Holden didn’t need the funds from TIAA in 2020. Nevertheless, at our direction, Holden elected to take his RMD from TIAA, so a specified portion of his TIAA Traditional holding was sold and the proceeds were disbursed. Per our plan, this reduced Holden’s fixed income allocation. The proceeds were then directly rolled into Holden’s Schwab IRA account, and our investment team used the funds to increase Holden’s equity exposure to get the portfolio back to a 60/40 allocation.
Why It Matters
Our care for Holden went well beyond portfolio management to utilize the CARES Act.
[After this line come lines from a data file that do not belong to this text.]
(* Let $P$ be a causal stable system on $\mathcal{L}_{2e+}^n$ and let $\nu_k,\rho_k>0$ with $\nu_k\rho_k\le1/4$ for $k=1,2,\dots$. Suppose that for every sequence $(\tau_k)_{k\ge1}$ with $\tau_k\ge0$ and $\sum_{k=1}^\infty\tau_k=1$, $$\langle u,Pu\rangle\ge\Big(\sum_{k=1}^\infty\tau_k\nu_k\Big)\|u\|_2^2+\Big(\sum_{k=1}^\infty\tau_k\rho_k\Big)\|Pu\|_2^2\quad\forall u\in\mathcal{L}_{2+}.$$ Then $\theta(P)\le\arccos\big(2\sqrt{\sup_k\nu_k\rho_k}\big)$.
   Context: For $n\ge1$, $\mathcal{L}_2^n$ is the set of measurable $u:\mathbb{R}\to\mathbb{R}^n$ with $\|u\|_2^2=\int|u(t)|^2dt<\infty$, inner product $\langle u,v\rangle=\int u(t)^Tv(t)\,dt$; $\mathcal{L}_{2+}=\{u\in\mathcal{L}_2:u(t)=0\ \text{for}\ t<0\}$. For $T\ge0$, $(\Gamma_Tu)(t)=u(t)$ for $t\le T$, $0$ for $t>T$; $\mathcal{L}_{2e+}=\{u:\Gamma_Tu\in\mathcal{L}_{2+}\ \forall T\ge0\}$. A system is an operator $P:\mathcal{L}_{2e+}\to\mathcal{L}_{2e+}$ with $P0=0$, $P\ne0$; causal if $\Gamma_TP=\Gamma_TP\Gamma_T$ for all $T\ge0$; a causal system is stable if $Pu\in\mathcal{L}_{2+}$ for all $u\in\mathcal{L}_{2+}$ and $\sup_{0\ne u\in\mathcal{L}_{2+}}\|Pu\|_2/\|u\|_2<\infty$. The singular angle $\theta(P)\in[0,\pi]$ is given by $\cos\theta(P)=\inf\{\langle u,Pu\rangle/(\|u\|_2\|Pu\|_2):0\neq u\in\mathcal{L}_{2+},\ Pu\ne0\}$. *)

From HB Require Import structures.
From mathcomp Require Import all_boot all_order all_algebra.
From mathcomp Require Import all_classical all_reals all_analysis.
Set Implicit Arguments. Unset Strict Implicit. Unset Printing Implicit Defensive.
Import Order.TTheory GRing.Theory Num.Theory.
Import numFieldNormedType.Exports.
Local Open Scope classical_set_scope.
Local Open Scope ring_scope.

Section Defs.
Variables (R : realType) (n : nat).

Definition signal := R -> 'rV[R]_n.

Definition mu := (@lebesgue_measure R).

Definition vdot (x y : 'rV[R]_n) : R := \sum_(i < n) x ord0 i * y ord0 i.
Definition vsqnorm (x : 'rV[R]_n) : R := vdot x x.

(* equality almost everywhere (elements of L2 are classes of functions) *)
Definition ae_eq (f g : signal) : Prop := mu.-negligible [set t | f t != g t].

Definition L2 (u : signal) : Prop :=
  (forall i : 'I_n, measurable_fun setT (fun t => u t ord0 i)) /\
  (\int[mu]_t (vsqnorm (u t))%:E < +oo)%E.

Definition L2p (u : signal) : Prop :=
  L2 u /\ mu.-negligible [set t | t < 0 /\ u t != 0].

Definition ip (u v : signal) : R := \int[mu]_(t in setT) vdot (u t) (v t).
Definition norm2 (u : signal) : R := Num.sqrt (\int[mu]_(t in setT) vsqnorm (u t)).

Definition trunc (T : R) (u : signal) : signal :=
  fun t => if t <= T then u t else 0.

Definition L2ep (u : signal) : Prop := forall T, 0 <= T -> L2p (trunc T u).

Definition is_system (P : signal -> signal) : Prop :=
  [/\ forall u, L2ep u -> L2ep (P u),
      forall u v, L2ep u -> ae_eq u v -> ae_eq (P u) (P v),
      ae_eq (P (fun _ => 0)) (fun _ => 0) &
      exists u, L2ep u /\ ~ ae_eq (P u) (fun _ => 0)].

Definition causal (P : signal -> signal) : Prop :=
  is_system P /\
  forall u, L2ep u -> forall T, 0 <= T ->
    ae_eq (trunc T (P u)) (trunc T (P (trunc T u))).

Definition stable (P : signal -> signal) : Prop :=
  causal P /\ (forall u, L2p u -> L2p (P u)) /\
  exists c : R, forall u, L2p u -> norm2 u != 0 -> norm2 (P u) / norm2 u <= c.

Definition cos_singular_angle (P : signal -> signal) : R :=
  inf [set ip u (P u) / (norm2 u * norm2 (P u)) |
       u in [set u | L2p u /\ norm2 u != 0 /\ norm2 (P u) != 0]].

Definition singular_angle (P : signal -> signal) : R := acos (cos_singular_angle P).

End Defs.

From Pilot Require Import Defs.
From HB Require Import structures.
From mathcomp Require Import all_boot all_order all_algebra.
From mathcomp Require Import all_classical all_reals all_analysis.
Import Order.TTheory GRing.Theory Num.Theory.
Import numFieldNormedType.Exports.
Local Open Scope classical_set_scope.
Local Open Scope ring_scope.

(* Taking for tau the indicator of a single index k turns the hypothesis into
   <u, Pu> >= nu_k ||u||^2 + rho_k ||Pu||^2, and by AM-GM the right-hand side is
   at least 2 sqrt(nu_k rho_k) ||u|| ||Pu||.  Every quotient in the definition of
   cos theta(P) is therefore at least 2 sqrt(nu_k rho_k), hence so is their
   infimum, and so is 2 sqrt(sup_k nu_k rho_k); arccos being decreasing gives the
   bound.  The infimum is over a nonempty set because P <> 0 and P is causal. *)

Lemma series_indicator (R : realType) (g : nat -> R) k :
  series (fun j => (j == k)%:R * g j) @ \oo --> g k.
Proof.
apply: cvg_near_cst; near=> N.
rewrite /series /= (eq_bigr (fun j => if j == k then g j else 0)); last first.
  by move=> j _; case: eqP => _; rewrite ?mul1r ?mul0r.
rewrite -big_mkcond big_nat1_eq /=.
suff -> : (k < N)%N by [].
by near: N; exists k.+1.
Unshelve. all: by end_near.
Qed.

Lemma sqrtM_AMGM (R : rcfType) (x y a b : R) : 0 <= x -> 0 <= y ->
  2 * Num.sqrt (x * y) * (a * b) <= x * a ^+ 2 + y * b ^+ 2.
Proof.
move=> x_ge0 y_ge0.
have := (leif_mean_square_scaled (Num.sqrt x * a) (Num.sqrt y * b)).1.
by rewrite !exprMn !sqr_sqrtr // sqrtrM // mulr_natl mulrnAl mulrACA.
Qed.

Lemma sqrt_sup_le (R : realType) (E : set R) (c : R) : E !=set0 ->
  (forall x, E x -> Num.sqrt x <= c) -> Num.sqrt (sup E) <= c.
Proof.
move=> [e Ee] sqrtE; have c0 : 0 <= c := le_trans (sqrtr_ge0 e) (sqrtE _ Ee).
rewrite -(ger0_norm c0) -sqrtr_sqr ler_sqrt ?sqr_ge0 //.
apply: ge_sup; first by exists e.
move=> x Ex; have [x_le0|x_gt0] := leP x 0; first exact: le_trans x_le0 (sqr_ge0 _).
by rewrite -(sqr_sqrtr (ltW x_gt0)) lerXn2r ?nnegrE ?sqrtr_ge0 ?sqrtE.
Qed.

Lemma acos_gt1 (R : realType) (x : R) : 1 < x -> acos x = 0.
Proof.
move=> x1; rewrite unlock /acos; case: xgetP => //= y _ [_ cy].
by move: (cos_le1 y); rewrite cy leNgt x1.
Qed.

Lemma acos_antitone (R : realType) (x y : R) :
  -1 <= x -> x <= y -> acos y <= acos x.
Proof.
move=> x_ge xy; have [y1|y_gt1] := leP y 1; last first.
  rewrite acos_gt1 //; have [x1|x_gt1] := leP x 1; last by rewrite acos_gt1.
  by rewrite acos_ge0 // x_ge.
have x1 := le_trans xy y1; have y_ge := le_trans x_ge xy.
have acos_in (z : R) : -1 <= z <= 1 -> acos z \in `[0, pi].
  by move=> zI; rewrite in_itv /= acos_ge0 ?acos_lepi.
rewrite leNgt -ltr_cos ?acos_in ?x_ge ?y_ge //.
by rewrite !acosK ?in_itv /= ?x_ge ?y_ge // -leNgt.
Qed.

Section Signals.
Context {R : realType} {n : nat}.
Implicit Types (x : 'rV[R]_n) (u v w : signal R n).

Lemma vsqnorm_ge0 x : 0 <= vsqnorm x.
Proof. by apply: sumr_ge0 => i _; rewrite -expr2 sqr_ge0. Qed.

Lemma vsqnorm_eq0 x : vsqnorm x = 0 -> x = 0.
Proof.
move=> /psumr_eq0P sq_eq0; apply/rowP => i; rewrite mxE.
have /eqP : x ord0 i * x ord0 i = 0.
  by apply: sq_eq0 => // j _; rewrite -expr2 sqr_ge0.
by rewrite mulf_eq0 orbb => /eqP.
Qed.

Lemma measurable_vsqnorm u :
  (forall i, measurable_fun setT (fun t => u t ord0 i)) ->
  measurable_fun setT (fun t => vsqnorm (u t)).
Proof.
by move=> u_meas; apply: measurable_sum => i; exact: measurable_realfun.measurable_funM.
Qed.

Lemma norm2_eq0_ae u : L2 u -> norm2 u = 0 -> Defs.ae_eq u (fun _ => 0).
Proof.
move=> [u_meas u_fin] /eqP; rewrite sqrtr_eq0 => int_le0.
set E := (\int[@mu R]_t (vsqnorm (u t))%:E)%E in u_fin int_le0.
have E_ge0 : (0 <= E)%E by apply: integral_ge0 => t _; rewrite lee_fin vsqnorm_ge0.
have E0 : E = 0%E.
  rewrite -(@fineK _ E) ?ge0_fin_numE //; congr (_%:E).
  by apply/le_anti; rewrite int_le0 fine_ge0.
have : (\int[@mu R]_(t in setT) `|(vsqnorm (u t))%:E|)%E = 0%E.
  rewrite -E0; apply: eq_integral => t _.
  by rewrite gee0_abs // lee_fin vsqnorm_ge0.
move/ae_eq_integral_abs => /(_ measurableT) [|N [mN N0 sub]].
  by apply/measurable_realfun.measurable_EFinP; exact: measurable_vsqnorm.
exists N; split => // t /= ut_neq0; apply: sub => /= /(_ I) [] /vsqnorm_eq0 ut0.
by rewrite ut0 eqxx in ut_neq0.
Qed.

Lemma ae_eq_sym {u v} : Defs.ae_eq u v -> Defs.ae_eq v u.
Proof. by apply: negligibleS => t /=; rewrite eq_sym. Qed.

Lemma ae_eq_trans {u v w} : Defs.ae_eq u v -> Defs.ae_eq v w -> Defs.ae_eq u w.
Proof.
move=> uv vw; apply: (negligibleS _ (negligibleU uv vw)) => t /= uw.
by have [utv|] := eqVneq (u t) (v t); [right; rewrite -utv | left].
Qed.

Lemma L2p0 : L2p (fun _ : R => (0 : 'rV[R]_n)).
Proof.
split; last by apply: negligibleS (negligible_set0 _) => t /= [_]; rewrite eqxx.
split=> [i|]; first exact: measurable_cst.
rewrite (_ : (fun t => _) = fun _ => 0%E); first by rewrite integral0 ltry.
by apply/funext => t; rewrite /vsqnorm /vdot big1 // => i _; rewrite mxE mulr0.
Qed.

Lemma L2ep0 : L2ep (fun _ : R => (0 : 'rV[R]_n)).
Proof.
move=> T _; rewrite (_ : trunc _ _ = fun _ => 0); first exact: L2p0.
by apply/funext => t; rewrite /trunc; case: ifP.
Qed.

Lemma trunc_ae_eq0 T u :
  Defs.ae_eq u (fun _ => 0) -> Defs.ae_eq (trunc T u) (fun _ => 0).
Proof.
by apply: negligibleS => t /=; rewrite /trunc; case: ifP => //; rewrite eqxx.
Qed.

End Signals.

Section Systems.
Context {R : realType} {n : nat} {P : signal R n -> signal R n}.

(* If P killed every finite-energy input, causality would make P u vanish on
   every [0, N] for every u in L_{2e+}, and P u also vanishes for t < 0. *)
Lemma causal_L2p_nonzero_image :
  causal P -> exists u, L2p u /\ ~ Defs.ae_eq (P u) (fun _ => 0).
Proof.
move=> [[P_L2ep _ _ [u [u_L2ep Pu_neq0]]] P_causal].
apply: contrapT => /forallNP P_L2p0; apply: Pu_neq0.
have P_trunc0 (N : nat) : Defs.ae_eq (trunc N%:R (P u)) (fun _ => 0).
  apply: ae_eq_trans (P_causal u u_L2ep N%:R (ler0n _ _)) _.
  apply: trunc_ae_eq0; apply: contrapT => Pu0.
  by apply: (P_L2p0 (trunc N%:R u)); split => //; apply: u_L2ep.
have Pu_neg0 := (P_L2ep u u_L2ep 0 (lexx _)).2.
apply: (negligibleS _ (negligibleU Pu_neg0 (negligible_bigcup P_trunc0))).
move=> t /= Put_neq0; have [t_lt0|t_ge0] := ltP t 0.
  by left; split => //; rewrite /trunc ltW.
by right; exists (Num.truncn t).+1 => //=; rewrite /trunc ltW // truncnS_gt.
Qed.

Lemma stable_angle_domain_nonempty :
  stable P -> exists u, L2p u /\ norm2 u != 0 /\ norm2 (P u) != 0.
Proof.
move=> [P_causal [P_L2p _]]; have [[_ P_ae P0 _] _] := P_causal.
have [u [u_L2p Pu_neq0]] := causal_L2p_nonzero_image P_causal.
exists u; split=> //; split; apply/eqP => /norm2_eq0_ae; last first.
  by move=> /(_ (P_L2p u u_L2p).1).
move=> /(_ u_L2p.1) u0; apply: Pu_neq0; apply: ae_eq_trans P0.
exact: ae_eq_sym (P_ae _ _ L2ep0 (ae_eq_sym u0)).
Qed.

End Systems.

Theorem proposition4 (R : realType) (n : nat) (P : signal R n -> signal R n)
  (nu rho : nat -> R) :
  (0 < n)%N ->
  stable P ->
  (forall k, 0 < nu k) -> (forall k, 0 < rho k) ->
  (forall k, nu k * rho k <= 1 / 4) ->
  (forall (tau : nat -> R) (a b : R),
      (forall k, 0 <= tau k) ->
      series tau @ \oo --> (1 : R) ->
      series (fun k => tau k * nu k) @ \oo --> (a : R) ->
      series (fun k => tau k * rho k) @ \oo --> (b : R) ->
      forall u, L2p u ->
        a * norm2 u ^+ 2 + b * norm2 (P u) ^+ 2 <= ip u (P u)) ->
  singular_angle P <= acos (2 * Num.sqrt (sup (range (fun k => nu k * rho k)))).
Proof.
move=> _ P_stable nu_gt0 rho_gt0 _ P_ineq.
have P_ineq_at k u : L2p u ->
    nu k * norm2 u ^+ 2 + rho k * norm2 (P u) ^+ 2 <= ip u (P u).
  apply: (P_ineq (fun j => (j == k)%:R)) => //; try exact: series_indicator.
  rewrite -(funext (fun j => mulr1 (j == k)%:R)).
  exact: series_indicator (fun=> 1) k.
have cos_ge k : 2 * Num.sqrt (nu k * rho k) <= cos_singular_angle P.
  apply: lb_le_inf.
    have [u u_in] := stable_angle_domain_nonempty P_stable.
    by exists (ip u (P u) / (norm2 u * norm2 (P u))), u.
  move=> _ [u [u_L2p [u_neq0 Pu_neq0]] <-].
  rewrite ler_pdivlMr ?mulr_gt0 ?lt0r ?u_neq0 ?Pu_neq0 ?sqrtr_ge0 //.
  apply: le_trans (P_ineq_at k u u_L2p).
  exact: sqrtM_AMGM (ltW (nu_gt0 k)) (ltW (rho_gt0 k)).
rewrite /singular_angle; apply: acos_antitone.
  by apply: le_trans (mulr_ge0 _ (sqrtr_ge0 _)); rewrite ?lerN10.
rewrite mulrC -ler_pdivlMr //; apply: sqrt_sup_le => [|_ [k _ <-]].
  by exists (nu 0%N * rho 0%N), 0%N.
by rewrite ler_pdivlMr // mulrC.
Qed.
As a holistic planning team, we used our expertise and experience to improve Holden’s tax situation as well. The CARES Act suspension of 2020 RMDs created the opportunity to do a Roth IRA conversion in 2020. Since RMDs are suspended in 2020, clients who are normally subjected to RMD requirements have the rare opportunity to do a Roth IRA conversion with the money from their IRA that would normally go toward an RMD. Without increasing Holden’s taxes from 2019, we converted funds from Holden’s IRA to his Roth IRA. This created additional value since the amount converted grows tax-free and can be passed to Holden’s beneficiaries tax-free. The CARES Act allows individuals over age 72 to take advantage of this proactive tax-planning strategy.
This type of planning doesn’t happen by accident. We are vigilant and opportunistic. It takes the coordination of the investment, tax, and planning teams to develop the optimal solution, and we are happy to provide that to Holden and every other client we serve.
NOTE: Data represents past performance. Past performance is no guarantee of future results. The information provided in this article is intended for clients of Carlson Capital Management. We recommend that individuals consult with a professional advisor familiar with their particular situation for advice concerning specific investment, accounting, tax, and legal matters before taking any action.